2011年11月26日

刷り込み

ここ数日は金管アンサンブルの委嘱作品を書いているのですが、3曲の小品の組曲を提供する予定でいました。私が組曲を書く場合は、先ずざっとそれぞれの曲のメロディ、ハーモニー、構成、コンセプトを粗く作っておいて、その後それらを並べて、それぞれの曲が個性的でそれぞれの曲の並びの良いようにアジャストしていくようなカンジで完成させていきます。つまりある意味複数の曲を同時進行で仕上げていくのです。それはそれぞれの奏者の演奏上のバランス、曲調のバランスをとるための最良の方法だと思うからです。

既に2曲は粗く出来ていたので組曲の最後の曲となる残りの変拍子ものの1曲を途中まで作曲をしていたところに、まるでコンセプトの違うものがアタマによぎったので、すかさず五線紙にスケッチをしました。普段、自分で書くような類いの曲調ではなく、いわゆる「賛美歌」的なものです。最近になりあちこちでクリスマスソングのBGMが沢山かかっているせいなのかも知れません。いわゆる「刷り込み」というものです。いい意味でも悪い意味でも普段の自分の音楽環境をちゃんとしておかないと知らず知らずに、その音楽が好き嫌い関係なく、作編曲や演奏に影響を強く及ぼしてしまうというのです。ある意味、怖いです。

ポジティブに考えると大好きなものや目指す音楽を常日頃聴くことでそれらのニュアンスを掴むことが出来ると思います。しかしプロミュージシャンとしてそれらをあまりに聴きすぎると、聴き方を間違うと自分のオリジナリティを持てずに、憧れの人の「贋作」まがいになってしまうので要注意です。

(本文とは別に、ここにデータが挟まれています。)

Lemma ever_active_block U k t b : ever_active U k b -> (k <= t)%N ->
  block (arrival U k) b = block (arrival U t) b.
Proof.
case/hasP=> s; rewrite mem_iota add1n ltnS => /andP[_ hsk] hact hkt.
have [o1 ->] := arrival_prefix U hsk; have [o2 ->] := arrival_prefix U (leq_trans hsk hkt).
by rewrite !block_cat.
Qed.

Lemma ever_active_aligned U t b : ever_active U t b -> aligned b.
Proof. by case/hasP=> s _ /active_aligned. Qed.

Lemma emitted_leS U k b : (emitted U k b <= emitted U k.+1 b)%N.
Proof.
rewrite /emitted; case: ifP => // hev.
have -> : ever_active U k.+1 b.
  by case/hasP: hev => s hs hact; apply/hasP; exists s; move: hs; rewrite ?mem_iota; lia.
by rewrite (ever_active_block hev (leqnSn k)) size_Rfactor_le.
Qed.

Lemma emitted_active U t b : (0 < t)%N -> active (arrival U t) b ->
  emitted U t b = size (base_Rfactor (block (arrival U t) b) t).
Proof.
move=> ht hact; rewrite /emitted ifT //.
by apply/hasP; exists t; rewrite // mem_iota add1n ltnS ht leqnn.
Qed.

Lemma sum_slots (V : nmodType) U t (F : slot -> V) :
  \sum_(p <- slots U t) F p =
  \sum_(b : block_id N K) \sum_(0 <= i < emitted U t b) F (b, block (arrival U t) b, i).
Proof.
rewrite /slots big_flatten big_map.
transitivity (\sum_(k <- iota 1 t) \sum_(b : block_id N K)
    \sum_(emitted U k.-1 b <= i < emitted U k b) F (b, block (arrival U t) b, i)).
  apply: eq_big_seq => k; rewrite mem_iota add1n ltnS => /andP[_ hkt].
  rewrite /new_slots big_flatten big_map big_enum; apply: eq_bigr => b _.
  rewrite big_map; case hev: (ever_active U k b); first by rewrite (ever_active_block hev hkt).
  by rewrite {2 4}/emitted hev !big_geq.
rewrite exchange_big; apply: eq_bigr => b _.
by apply: sum_iota_telescope => // k; apply: emitted_leS.
Qed.

Lemma slot_set_sub U t p : p \in slots U t -> p.1.2 \subset [set x in arrival U t].
Proof.
case/flattenP=> ps /mapP[k hk ->] /flattenP[qs /mapP[b _ ->] /mapP[i _ ->]] /=.
move: hk; rewrite mem_iota add1n ltnS => /andP[_ hkt].
apply/subsetP => x /mem_block; have [o ->] := arrival_prefix U hkt.
by rewrite inE mem_cat => ->.
Qed.

Lemma scale_sqr : scale ^+ 2 = K%:R.
Proof. by rewrite sqr_sqrtr ?ler0n. Qed.

Lemma scale_neq0 : scale != 0.
Proof. by rewrite gt_eqF // sqrtr_gt0 ltr0n. Qed.

Lemma alg_step U t : (0 < t <= m)%N -> gamma2_prefixes_le (rows_of Q) gamma t ->
  alg (sets_upto U t) (take t (rows_of Q)) =
  Step (map slot_row (new_slots U t)) (map (slot_coef U t) (slots U t)).
Proof.
move=> ht hG; rewrite alg_sets_upto //; case: asboolP => // hgt.
by have := hG t; rewrite leqnn andbT; case/andP: ht => -> _ /(_ isT); rewrite leNgt hgt.
Qed.

Variable C : R.
Hypotheses (hgamma : 0 < gamma) (hC : 0 < C).
Hypothesis hbase :
  forall B, solves_avg (base B) (restr Q B) gamma C (Num.sqrt #|B|%:R).

Section Correctness.
Variables (U : nat -> {set 'I_N}) (t : nat).
Hypotheses (hU : insertion_only U) (ht : (0 < t <= m)%N).
Hypothesis hG : gamma2_prefixes_le (rows_of Q) gamma t.

Let htm : (t <= m)%N. Proof. by case/andP: ht. Qed.
Let ht0 : (0 < t)%N. Proof. by case/andP: ht. Qed.

Lemma base_spec B :
  [/\ size (base_ell B t) = size (base_Rfactor B t),
      lincomb (base_ell B t) (base_Rfactor B t) = restr_row (nth 0 (rows_of Q) t.-1) B,
      frob (base_Rfactor B t) <= Num.sqrt #|B|%:R
    & norm2 (base_ell B t) <= C * gamma].
Proof.
have hGB : gamma2_prefixes_le (base_rows B) gamma t.
  move=> s hs; rewrite /base_rows rows_of_restr -map_take.
  exact: le_trans (gamma2_rows_restr_le _ _) (hG hs).
have [] := solves_avg_spec (@hbase B) ht hGB.
rewrite -/(base_rows B) -/(base_Rfactor B t) -/(base_ell B t) => -> -> -> ->; split => //.
by rewrite /base_rows rows_of_restr (nth_map 0) // size_rows_of; case: (t) ht0 htm.
Qed.

Lemma lincomb_slots :
  lincomb (map (slot_coef U t) (slots U t)) (map slot_row (slots U t)) =
  restr_row (nth 0 (rows_of Q) t.-1) (U t).
Proof.
have hUt : [set x in arrival U t] = U t by apply/setP => x; rewrite inE mem_arrival.
have hK : (size (arrival U t) < 2 ^ K)%N.
  exact: leq_ltn_trans (size_arrival_le U t) (trunc_log_ltn _ _).
rewrite (lincomb_map (ord0, ord0, set0, 0%N)) sum_slots -hUt.
rewrite -(sum_restr_row_active_blocks _ (size_arrival_le U t) hK); apply: eq_bigr => b _.
rewrite /slot_coef /=; case: ifP => hact; last by rewrite big1 // => i _; rewrite scale0r.
set B := block _ b; have [_ hcomb _ _] := base_spec B.
rewrite emitted_active // -[RHS]restr_row_id -hcomb restr_row_lincomb big_mkord.
apply: eq_bigr => i _; rewrite /slot_row /= scalerA mulrAC mulfV ?scale_neq0 // mul1r.
by rewrite (nth_Rfactor htm (ltn_ord i)).
Qed.

Lemma frob_slots : frob (map slot_row (slots U t)) <= Num.sqrt #|U t|%:R.
Proof.
have hK : 0 < K%:R :> R by rewrite ltr0n.
rewrite frob_map ler_wsqrtr // sum_slots.
have block_le b : \sum_(0 <= i < emitted U t b) \sum_(j < N)
    slot_row (b, block (arrival U t) b, i) 0 j ^+ 2
    <= (aligned b * #|block (arrival U t) b|)%:R / K%:R.
  rewrite /emitted; case: ifP => hev; last by rewrite big_geq // divr_ge0 ?ler0n.
  rewrite (ever_active_aligned hev) mul1n; set B := block _ b; have [_ _ hfrob _] := base_spec B.
  move: hfrob; rewrite /frob ler_sqrt ?ler0n // (big_nth 0) => hfrob.
  rewrite ler_pdivlMr // mulr_suml; apply: le_trans _ hfrob.
  apply: ler_sum_nat => i hi; rewrite mulr_suml; apply: ler_sum => j _.
  rewrite /slot_row /= !mxE (nth_Rfactor htm hi) exprMn exprVn scale_sqr mulrAC.
  by rewrite mulVf ?gt_eqF // mul1r; case: (j \in B); rewrite ?expr0n ?sqr_ge0.
apply: le_trans (ler_sum _ (fun b _ => block_le b)) _.
rewrite -mulr_suml -natr_sum ler_pdivrMr // -natrM ler_nat mulnC.
rewrite -(eq_card (fun x => mem_arrival t x hU)).
exact: sum_aligned_card_block.
Qed.

Lemma norm2_slot_coefs : norm2 (map (slot_coef U t) (slots U t)) <= K%:R * C * gamma.
Proof.
have hCg : 0 <= C * gamma by rewrite mulr_ge0 // ltW.
rewrite norm2_map -mulrA sqrtr_le_sqr ?(mulr_ge0 (ler0n _ _) hCg) // sum_slots.
have block_le b :
    \sum_(0 <= i < emitted U t b) slot_coef U t (b, block (arrival U t) b, i) ^+ 2
    <= (active (arrival U t) b)%:R * (K%:R * (C * gamma) ^+ 2).
  rewrite /slot_coef /=; case hact: (active _ b) => /=; last first.
    by rewrite big1 ?mul0r // => i _; rewrite expr0n.
  set B := block _ b; have [hsize _ _ hnorm] := base_spec B.
  rewrite mul1r emitted_active // -hsize.
  under eq_bigr => i _ do rewrite exprMn scale_sqr.
  rewrite -mulr_sumr ler_wpM2l ?ler0n // -sqrtr_le_sqr //.
  by move: hnorm; rewrite /norm2 (big_nth 0).
apply: le_trans (ler_sum _ (fun b _ => block_le b)) _.
have -> : (K%:R * (C * gamma)) ^+ 2 = K%:R * (K%:R * (C * gamma) ^+ 2) :> R.
  by rewrite [LHS]exprMn [K%:R ^+ 2]expr2 -mulrA.
rewrite -mulr_suml -natr_sum ler_wpM2r ?(mulr_ge0 (ler0n _ _) (sqr_ge0 _)) //.
by rewrite ler_nat sum_active_le.
Qed.

Lemma slot_rows_supported r : r \in map slot_row (slots U t) ->
  forall j, j \notin U t -> r 0 j = 0.
Proof.
case/mapP=> p /slot_set_sub hsub -> j hj; rewrite /slot_row !mxE ifN ?mulr0 //.
by apply: contra hj => /(subsetP hsub); rewrite inE mem_arrival.
Qed.

Lemma Rfactor_ins_alg : Rfactor_ins alg U (rows_of Q) t = map slot_row (slots U t).
Proof.
rewrite /Rfactor_ins /slots /= take0 cat0s map_flatten -map_comp; congr flatten.
apply/eq_in_map => k; rewrite mem_iota add1n ltnS => /andP[hk hkt] /=.
rewrite alg_step ?hk ?(leq_trans hkt htm) //.
exact: gamma2_prefixes_le_leq hkt hG.
Qed.

End Correctness.

Lemma solves_avg_ins_alg : solves_avg_ins alg Q gamma (K%:R * C).
Proof.
move=> U hU t ht hprev; rewrite alg_sets_upto //; case: asboolP => // hle.
have hG : gamma2_prefixes_le (rows_of Q) gamma t.
  move=> s /andP[hs0]; rewrite leq_eqVlt => /predU1P[->|hst].
    by rewrite leNgt; apply/negP.
  have hsm : (0 < s <= m)%N by rewrite hs0 (leq_trans (ltnW hst)) //; case/andP: ht.
  have := hprev s; rewrite hs0 hst alg_sets_upto // => /(_ isT).
  by case: asboolP => // /negP; rewrite -leNgt.
rewrite Rfactor_ins_alg //; split; rewrite ?size_map //.
- exact: lincomb_slots.
- exact: frob_slots.
- exact: slot_rows_supported.
move=> s /andP[hs0 hst].
have hsm : (0 < s <= m)%N by rewrite hs0 (leq_trans hst) //; case/andP: ht.
have hGs := gamma2_prefixes_le_leq hst hG.
by rewrite alg_step // norm2_slot_coefs.
Qed.

End Construction.

Lemma trunc_log2_le_log2 (R : realType) n : (0 < n)%N ->
  (trunc_log 2 n).+1%:R <= log2 (2 * n%:R : R).
Proof.
move=> hn; have hl2 : 0 < ln (2 : R) by rewrite ln_gt0 // ltr1n.
rewrite /log2 ler_pdivlMr // -addn1 natrD mulrDl mul1r lnM ?posrE ?ltr0n //.
rewrite addrC lerD2l mulr_natl -lnXn ?ltr0n // ler_ln ?posrE ?exprn_gt0 ?ltr0n //.
by rewrite -natrX ler_nat trunc_logP.
Qed.

Lemma solves_avg_ins_width0 (R : realType) m (Q : 'M[R]_(m, 0)) gamma :
  solves_avg_ins (fun _ _ => Step [::] [::]) Q gamma 0.
Proof.
move=> U _ t _ _ /=.
have -> : Rfactor_ins (fun _ _ => Step [::] [::]) U (rows_of Q) t = [::].
  by rewrite /Rfactor_ins; elim: (iota 0 t.+1).
split=> //; first by apply/rowP => -[].
- by rewrite /frob big_nil sqrtr0 sqrtr_ge0.
- by move=> s _; rewrite /norm2 big_nil sqrtr0 mul0r.
Qed.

肝心の横入りしてきた「賛美歌」ですが、今回の組曲に組み込んでみたら面白そうだなと思ったのでそれも加えて4曲の小品となりそうです。作曲途中の変拍子曲は今日明日中に再び着手して粗く完成させて、来週から演奏の仕事の合間にスケッチから本書きのオーケストレーションへと進んでいければと思います。

って書いておけばちゃんと期日通りに仕上ることでしょう。